Lines from the line with "exact (proj2 (Hc" to the line with "repeat split; auto." in the entries below, and only those, must be output exactly, with both ends included.

START Provided information

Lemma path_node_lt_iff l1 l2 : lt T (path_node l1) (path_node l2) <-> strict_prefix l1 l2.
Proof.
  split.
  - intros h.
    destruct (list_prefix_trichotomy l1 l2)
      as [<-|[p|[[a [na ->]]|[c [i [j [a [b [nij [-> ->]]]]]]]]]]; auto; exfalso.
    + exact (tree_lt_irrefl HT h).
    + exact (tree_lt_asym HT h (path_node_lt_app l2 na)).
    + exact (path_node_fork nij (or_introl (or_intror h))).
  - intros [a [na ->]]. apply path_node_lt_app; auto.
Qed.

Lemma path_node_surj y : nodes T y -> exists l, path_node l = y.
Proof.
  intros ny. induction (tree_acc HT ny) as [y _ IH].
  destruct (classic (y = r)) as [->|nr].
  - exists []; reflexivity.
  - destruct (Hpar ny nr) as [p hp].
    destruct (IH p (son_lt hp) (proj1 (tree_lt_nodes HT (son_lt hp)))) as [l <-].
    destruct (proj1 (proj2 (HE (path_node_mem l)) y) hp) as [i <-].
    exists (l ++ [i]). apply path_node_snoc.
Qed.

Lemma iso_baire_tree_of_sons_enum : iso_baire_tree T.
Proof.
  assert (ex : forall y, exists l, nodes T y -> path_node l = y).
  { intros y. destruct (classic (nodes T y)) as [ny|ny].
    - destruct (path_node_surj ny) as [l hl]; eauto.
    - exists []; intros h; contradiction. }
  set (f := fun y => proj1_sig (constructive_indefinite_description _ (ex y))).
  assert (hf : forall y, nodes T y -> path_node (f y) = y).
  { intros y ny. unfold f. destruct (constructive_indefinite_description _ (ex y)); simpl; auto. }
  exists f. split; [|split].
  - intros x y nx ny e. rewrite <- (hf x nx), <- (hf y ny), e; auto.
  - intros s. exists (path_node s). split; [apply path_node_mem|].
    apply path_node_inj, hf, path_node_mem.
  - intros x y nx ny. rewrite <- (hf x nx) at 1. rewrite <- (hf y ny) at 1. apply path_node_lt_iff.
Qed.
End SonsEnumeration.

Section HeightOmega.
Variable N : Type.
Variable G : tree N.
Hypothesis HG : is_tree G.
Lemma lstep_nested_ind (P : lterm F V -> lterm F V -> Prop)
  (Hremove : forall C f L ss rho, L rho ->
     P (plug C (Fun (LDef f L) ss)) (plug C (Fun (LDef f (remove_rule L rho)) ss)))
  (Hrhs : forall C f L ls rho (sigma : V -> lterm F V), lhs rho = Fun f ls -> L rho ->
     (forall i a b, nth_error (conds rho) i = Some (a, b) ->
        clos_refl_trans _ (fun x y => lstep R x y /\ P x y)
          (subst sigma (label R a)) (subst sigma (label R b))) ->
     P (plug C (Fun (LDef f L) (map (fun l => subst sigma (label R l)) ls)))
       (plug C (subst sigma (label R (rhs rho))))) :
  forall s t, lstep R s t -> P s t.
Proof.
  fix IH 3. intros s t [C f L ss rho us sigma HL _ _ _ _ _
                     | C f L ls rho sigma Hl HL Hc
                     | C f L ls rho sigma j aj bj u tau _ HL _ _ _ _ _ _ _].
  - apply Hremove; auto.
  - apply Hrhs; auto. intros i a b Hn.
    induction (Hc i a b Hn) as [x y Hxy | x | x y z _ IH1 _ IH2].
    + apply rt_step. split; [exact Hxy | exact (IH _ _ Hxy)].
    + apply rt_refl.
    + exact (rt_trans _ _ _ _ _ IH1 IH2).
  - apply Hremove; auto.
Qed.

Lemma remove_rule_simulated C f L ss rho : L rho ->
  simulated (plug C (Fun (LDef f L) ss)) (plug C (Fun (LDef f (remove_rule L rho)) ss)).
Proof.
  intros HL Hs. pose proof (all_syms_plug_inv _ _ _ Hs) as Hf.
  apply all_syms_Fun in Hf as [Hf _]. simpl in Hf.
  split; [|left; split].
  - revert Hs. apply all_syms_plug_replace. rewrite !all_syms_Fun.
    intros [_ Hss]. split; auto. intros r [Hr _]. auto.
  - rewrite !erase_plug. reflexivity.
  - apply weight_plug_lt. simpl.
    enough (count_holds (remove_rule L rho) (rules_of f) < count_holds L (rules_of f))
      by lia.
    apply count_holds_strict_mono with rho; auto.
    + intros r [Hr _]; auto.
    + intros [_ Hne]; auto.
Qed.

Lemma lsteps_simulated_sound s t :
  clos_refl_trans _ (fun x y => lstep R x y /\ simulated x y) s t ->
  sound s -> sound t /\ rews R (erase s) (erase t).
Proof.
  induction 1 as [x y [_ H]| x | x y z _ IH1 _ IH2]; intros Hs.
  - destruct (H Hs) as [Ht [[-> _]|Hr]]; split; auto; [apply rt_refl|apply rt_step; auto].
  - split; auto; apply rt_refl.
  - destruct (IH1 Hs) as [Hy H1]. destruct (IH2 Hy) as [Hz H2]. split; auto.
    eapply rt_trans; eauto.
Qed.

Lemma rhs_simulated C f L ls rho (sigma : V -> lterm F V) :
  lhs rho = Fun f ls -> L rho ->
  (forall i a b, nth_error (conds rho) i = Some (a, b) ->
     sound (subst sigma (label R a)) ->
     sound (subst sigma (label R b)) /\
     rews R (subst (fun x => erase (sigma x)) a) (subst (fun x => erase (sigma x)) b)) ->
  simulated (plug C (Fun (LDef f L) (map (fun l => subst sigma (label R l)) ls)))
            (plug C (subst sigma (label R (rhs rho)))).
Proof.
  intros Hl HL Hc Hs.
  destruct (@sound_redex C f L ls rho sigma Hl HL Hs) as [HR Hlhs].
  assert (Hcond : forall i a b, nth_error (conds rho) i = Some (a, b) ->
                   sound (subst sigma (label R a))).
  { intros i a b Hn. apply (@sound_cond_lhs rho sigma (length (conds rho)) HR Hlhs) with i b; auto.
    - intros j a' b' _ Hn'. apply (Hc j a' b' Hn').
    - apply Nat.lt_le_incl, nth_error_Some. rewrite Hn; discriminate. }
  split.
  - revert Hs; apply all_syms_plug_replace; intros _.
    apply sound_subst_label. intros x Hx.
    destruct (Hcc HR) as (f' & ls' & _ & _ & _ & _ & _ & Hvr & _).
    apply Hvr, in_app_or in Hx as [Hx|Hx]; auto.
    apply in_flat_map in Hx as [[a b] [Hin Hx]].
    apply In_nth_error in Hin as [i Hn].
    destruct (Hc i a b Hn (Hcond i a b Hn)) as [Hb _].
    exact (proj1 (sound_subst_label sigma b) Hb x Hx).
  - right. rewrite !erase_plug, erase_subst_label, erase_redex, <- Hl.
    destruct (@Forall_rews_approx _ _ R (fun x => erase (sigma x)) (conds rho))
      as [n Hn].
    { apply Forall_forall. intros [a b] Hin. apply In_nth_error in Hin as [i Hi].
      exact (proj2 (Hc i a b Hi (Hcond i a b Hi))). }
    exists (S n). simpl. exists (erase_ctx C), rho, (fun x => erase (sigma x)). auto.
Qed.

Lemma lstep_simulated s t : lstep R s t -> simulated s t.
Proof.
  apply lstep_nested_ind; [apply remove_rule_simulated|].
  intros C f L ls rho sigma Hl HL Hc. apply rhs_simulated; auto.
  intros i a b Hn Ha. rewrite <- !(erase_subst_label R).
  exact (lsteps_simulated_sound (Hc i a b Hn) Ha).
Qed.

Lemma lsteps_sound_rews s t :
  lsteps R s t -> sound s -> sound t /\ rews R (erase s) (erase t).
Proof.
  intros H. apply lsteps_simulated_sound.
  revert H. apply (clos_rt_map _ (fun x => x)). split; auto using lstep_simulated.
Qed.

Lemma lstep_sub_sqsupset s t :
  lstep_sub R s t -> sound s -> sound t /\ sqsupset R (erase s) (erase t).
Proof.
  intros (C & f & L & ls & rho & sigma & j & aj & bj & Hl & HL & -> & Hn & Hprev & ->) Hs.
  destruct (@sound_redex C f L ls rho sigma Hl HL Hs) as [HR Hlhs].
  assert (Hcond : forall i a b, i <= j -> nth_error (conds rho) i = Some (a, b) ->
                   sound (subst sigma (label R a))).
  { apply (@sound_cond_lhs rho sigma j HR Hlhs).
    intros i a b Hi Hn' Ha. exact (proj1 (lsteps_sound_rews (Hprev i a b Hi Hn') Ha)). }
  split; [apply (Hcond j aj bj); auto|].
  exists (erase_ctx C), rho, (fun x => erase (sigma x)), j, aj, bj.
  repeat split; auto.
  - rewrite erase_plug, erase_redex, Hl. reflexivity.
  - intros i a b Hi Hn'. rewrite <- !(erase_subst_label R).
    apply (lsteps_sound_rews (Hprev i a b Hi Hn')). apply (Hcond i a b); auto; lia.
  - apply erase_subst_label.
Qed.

END Provided information

Reply to the task -
      exact (proj2 (Hc i a b Hi (Hcond i a b Hi))). }
    exists (S n). simpl. exists (erase_ctx C), rho, (fun x => erase (sigma x)). auto.
Qed.

Lemma lstep_simulated s t : lstep R s t -> simulated s t.
Proof.
  apply lstep_nested_ind; [apply remove_rule_simulated|].
  intros C f L ls rho sigma Hl HL Hc. apply rhs_simulated; auto.
  intros i a b Hn Ha. rewrite <- !(erase_subst_label R).
  exact (lsteps_simulated_sound (Hc i a b Hn) Ha).
Qed.

Lemma lsteps_sound_rews s t :
  lsteps R s t -> sound s -> sound t /\ rews R (erase s) (erase t).
Proof.
  intros H. apply lsteps_simulated_sound.
  revert H. apply (clos_rt_map _ (fun x => x)). split; auto using lstep_simulated.
Qed.

Lemma lstep_sub_sqsupset s t :
  lstep_sub R s t -> sound s -> sound t /\ sqsupset R (erase s) (erase t).
Proof.
  intros (C & f & L & ls & rho & sigma & j & aj & bj & Hl & HL & -> & Hn & Hprev & ->) Hs.
  destruct (@sound_redex C f L ls rho sigma Hl HL Hs) as [HR Hlhs].
  assert (Hcond : forall i a b, i <= j -> nth_error (conds rho) i = Some (a, b) ->
                   sound (subst sigma (label R a))).
  { apply (@sound_cond_lhs rho sigma j HR Hlhs).
    intros i a b Hi Hn' Ha. exact (proj1 (lsteps_sound_rews (Hprev i a b Hi Hn') Ha)). }
  split; [apply (Hcond j aj bj); auto|].
  exists (erase_ctx C), rho, (fun x => erase (sigma x)), j, aj, bj.
  repeat split; auto.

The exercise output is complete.